The Elbert Files: Chinese tariff windfall
A new study in the journal Food Policy says U.S. soybean producers received a $5 billion windfall in 2018-19 when the U.S. Department of Agriculture overestimated damage caused by Chinese trade-war tariffs.
“Overall, farmers received several times more in compensation than they lost,” Aaron Smith, a professor of agriculture and economics at University of California, Davis, wrote in a blog post.
Smith was one of three authors of the study, which compared the nearly $8.5 billion in trade aid payments to soybean producers with actual losses, which the study said were about $3.1 billion.
Iowa farmers typically produce 12% to 14% of all U.S. soybeans, which means this state’s share of the $5.4 billion overpayment amounted to roughly $650 million to $750 million.
The study said that while U.S. producers saw a 74% decline in soybean exports to China, those losses were partially offset by gains in other export markets and other factors that the USDA failed to consider when it computed trade aid payments.
Here’s some background.
China is the world’s largest soybean importer, fueled in large part by the country’s large hog herd. Soybean growers in the United States and Brazil provide the bulk of those imports.
In 2018, President Donald Trump launched a trade war that caused China to impose a 25% tariff on U.S. agricultural products, of which soybeans were the largest component.

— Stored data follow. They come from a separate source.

(* Let $R$ be a partially ordered commutative ring. Then (1) $R$ is archimedean if and only if all finitely generated subrings of $R$ are archimedean; (2) $R$ is strongly localizable if and only if all finitely generated subrings of $R$ are strongly localizable.
   Context: Rings are commutative with unit $1$; subrings contain $1$ and carry the induced order ($S^+=S\cap R^+$). A partially ordered commutative ring is a commutative ring with a partial order $\le$ with $r\le s\Rightarrow r+t\le s+t$, whose positive cone $R^+=\{r:0\le r\}$ is closed under multiplication and contains all squares. $\mathbb{N}=\{1,2,\dots\}$. $R$ is archimedean if whenever $g,h\in R$ satisfy $kg+h\in R^+$ for all $k\in\mathbb{N}$, then $g\in R^+$. $\mathrm{Loc}(R)$ is the set of $s\in 1+R^+$ such that for all $r\in R$, $rs\in R^+$ implies $r\in R^+$. $R$ is strongly localizable if $r^2\in R^+$ for all $r\in R$ and $\mathrm{Loc}(R)=1+R^+$. *)

From HB Require Import structures.
From mathcomp Require Import all_boot all_algebra.
Set Implicit Arguments. Unset Strict Implicit. Unset Printing Implicit Defensive.
Import GRing.Theory.
Local Open Scope ring_scope.

Record po_comring (R : comPzRingType) (le : R -> R -> Prop) : Prop := {
  po_refl : forall r, le r r;
  po_antisym : forall r s, le r s -> le s r -> r = s;
  po_trans : forall r s t, le r s -> le s t -> le r t;
  po_add : forall r s t, le r s -> le (r + t) (s + t);
  po_mul : forall r s, le 0 r -> le 0 s -> le 0 (r * s);
  po_sq : forall r, le 0 (r * r)
}.

Definition is_subring (R : comPzRingType) (S : R -> Prop) : Prop :=
  [/\ S 1, (forall x y, S x -> S y -> S (x - y)) & (forall x y, S x -> S y -> S (x * y))].

Definition subring_gen (R : comPzRingType) (gens : seq R) (x : R) : Prop :=
  forall T : R -> Prop, is_subring T -> (forall y, y \in gens -> T y) -> T x.

(* In the following, S is a subring of R carrying the induced order:
   S^+ = S ∩ R^+, i.e. the elements r of S with le 0 r. *)

Definition archimedean_on (R : comPzRingType) (le : R -> R -> Prop) (S : R -> Prop) : Prop :=
  forall g h, S g -> S h ->
    (forall k : nat, (0 < k)%N -> le 0 (g *+ k + h)) -> le 0 g.

Definition Loc_on (R : comPzRingType) (le : R -> R -> Prop) (S : R -> Prop) (s : R) : Prop :=
  (S (s - 1) /\ le 0 (s - 1)) /\
  (forall r, S r -> le 0 (r * s) -> le 0 r).

Definition strongly_localizable_on (R : comPzRingType) (le : R -> R -> Prop) (S : R -> Prop) : Prop :=
  (forall r, S r -> le 0 (r ^+ 2)) /\
  (forall s, Loc_on le S s <-> (S (s - 1) /\ le 0 (s - 1))).

Definition whole (R : comPzRingType) : R -> Prop := fun _ => True.

From mathcomp Require Import all_boot all_algebra.
Set Implicit Arguments.
Unset Strict Implicit.
Unset Printing Implicit Defensive.

Local Open Scope ring_scope.

(* Both properties pass to every subring carrying the induced order, and each
   defining condition mentions at most two elements of the ring, which lie in
   the subring they generate.  Hence neither direction uses the ring or order
   axioms. *)

Section LocalCharacter.

Variables (R : comPzRingType) (le : R -> R -> Prop).

Lemma mem_subring_gen (gens : seq R) (y : R) : y \in gens -> subring_gen gens y.
Proof. by move=> gens_y T _; apply. Qed.

Lemma subring_gen_pair (x y : R) :
  subring_gen [:: x; y] x /\ subring_gen [:: x; y] y.
Proof.
by split; apply: mem_subring_gen; rewrite !inE eqxx ?orbT.
Qed.

Lemma archimedean_on_sub (S T : R -> Prop) :
  (forall x, S x -> T x) -> archimedean_on le T -> archimedean_on le S.
Proof. by move=> sST archT g h Sg Sh; apply: archT; apply: sST. Qed.

Lemma archimedean_on_local (S : R -> Prop) :
  (forall g h, S g -> S h ->
     exists2 T, T g /\ T h & archimedean_on le T) ->
  archimedean_on le S.
Proof.
move=> loc g h Sg Sh; have [T [Tg Th] archT] := loc g h Sg Sh.
exact: archT.
Qed.

Lemma Loc_on_sub (S T : R -> Prop) (s : R) :
  (forall x, S x -> T x) -> S (s - 1) -> Loc_on le T s -> Loc_on le S s.
Proof.
move=> sST Ss1 [[_ s1_ge0] locT]; split=> [|r Sr]; first by [].
exact/locT/sST.
Qed.

Lemma strongly_localizable_on_sub (S T : R -> Prop) :
  (forall x, S x -> T x) ->
  strongly_localizable_on le T -> strongly_localizable_on le S.
Proof.
move=> sST [sqT locT]; split=> [r Sr|s]; first exact/sqT/sST.
split=> [[] //|[Ss1 s1_ge0]].
apply: (Loc_on_sub sST Ss1); apply/locT.
by split; first exact: sST.
Qed.

Lemma strongly_localizable_on_local (S : R -> Prop) :
  (forall x y, S x -> S y ->
     exists2 T, T x /\ T y & strongly_localizable_on le T) ->
  strongly_localizable_on le S.
Proof.
move=> loc; split=> [r Sr|s].
  by have [T [Tr _] [sqT _]] := loc r r Sr Sr; apply: sqT.
split=> [[] //|[Ss1 s1_ge0]]; split=> [//|r Sr].
have [T [Ts1 Tr] [_ locT]] := loc (s - 1) r Ss1 Sr.
by have [_ locTs] := proj2 (locT s) (conj Ts1 s1_ge0); apply: locTs.
Qed.

End LocalCharacter.

Theorem proposition6 (R : comPzRingType) (le : R -> R -> Prop) (HR : po_comring le) :
  (archimedean_on le (@whole R) <->
     (forall gens : seq R, archimedean_on le (subring_gen gens))) /\
  (strongly_localizable_on le (@whole R) <->
     (forall gens : seq R, strongly_localizable_on le (subring_gen gens))).
Proof.
split; split.
- by move=> archR gens; apply: archimedean_on_sub archR.
- move=> archS; apply: archimedean_on_local => g h _ _.
  by exists (subring_gen [:: g; h]); [exact: subring_gen_pair | apply: archS].
- by move=> slR gens; apply: strongly_localizable_on_sub slR.
- move=> slS; apply: strongly_localizable_on_local => x y _ _.
  by exists (subring_gen [:: x; y]); [exact: subring_gen_pair | apply: slS].
Qed.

During the trade war, U.S. soybean prices declined 18%. Separately, officials estimated that between 4 and 12 percentage points of the decline occurred because of the Chinese tariffs. The other 6 to 14 percentage points of price decline was driven by market conditions, which included good harvests in both the United States and Brazil and reduced demand in China, resulting from an outbreak of swine fever that reduced China’s hog inventories.
In addition to Smith, the other authors of the Food Policy study were Michael Adjemian, a UC Davis graduate and former USDA economist now teaching at the University of Georgia, and Wendi He, a UC Davis research assistant.
Their study said the USDA began creating a compensation system for soybean farmers “before the full impact of the trade war was known.”
The agency “followed a standard approach,” the study said, basically dividing the expected “direct trade loss” by total production to arrive at a per-bushel price loss.
The USDA put the 2018 price loss at $1.65 per bushel of soybeans. The agency later calculated a similar loss for 2019 of $2.05 per bushel of soybeans.
The Food Policy study noted that the Chinese tariff disrupted the U.S. soybean market in 2018, sending a disproportionate share of that year’s harvest into storage. It also had a significant impact on planting decisions in 2019, when 15% fewer acres were planted to soybeans, the biggest one-year drop since 1980.
“The federal government moved quickly to pay farmers billions of dollars as compensation for their losses,” Smith wrote in his blog.
But, he added, “We estimated that losses to farmers were much smaller than the compensation payments they received.”
The researchers said they arrived at that conclusion because the USDA did not look at the whole picture.
They said the government agency did not take into account what happened after Brazilian growers replaced U.S. soybeans in the Chinese market.
The shift of Brazilian soybeans to China left gaps in markets previously served by Brazil, and U.S. growers were able to move into many of those markets in what amounted to a worldwide game of musical chairs.
Brazil, of course, benefited from the reshuffling more than U.S. growers did. But when the USDA moved quickly to backfill the U.S. growers’ losses, the agency overpaid.
The USDA’s overpayments allowed U.S. farmers, like the Brazilians, to come out better than they would have if there had been no soybean tariff.
Meanwhile, worldwide adjustments and weather patterns continue to benefit Iowa growers. Soybean prices this year are near record levels, and as the harvest begins, predictions are for near-record production.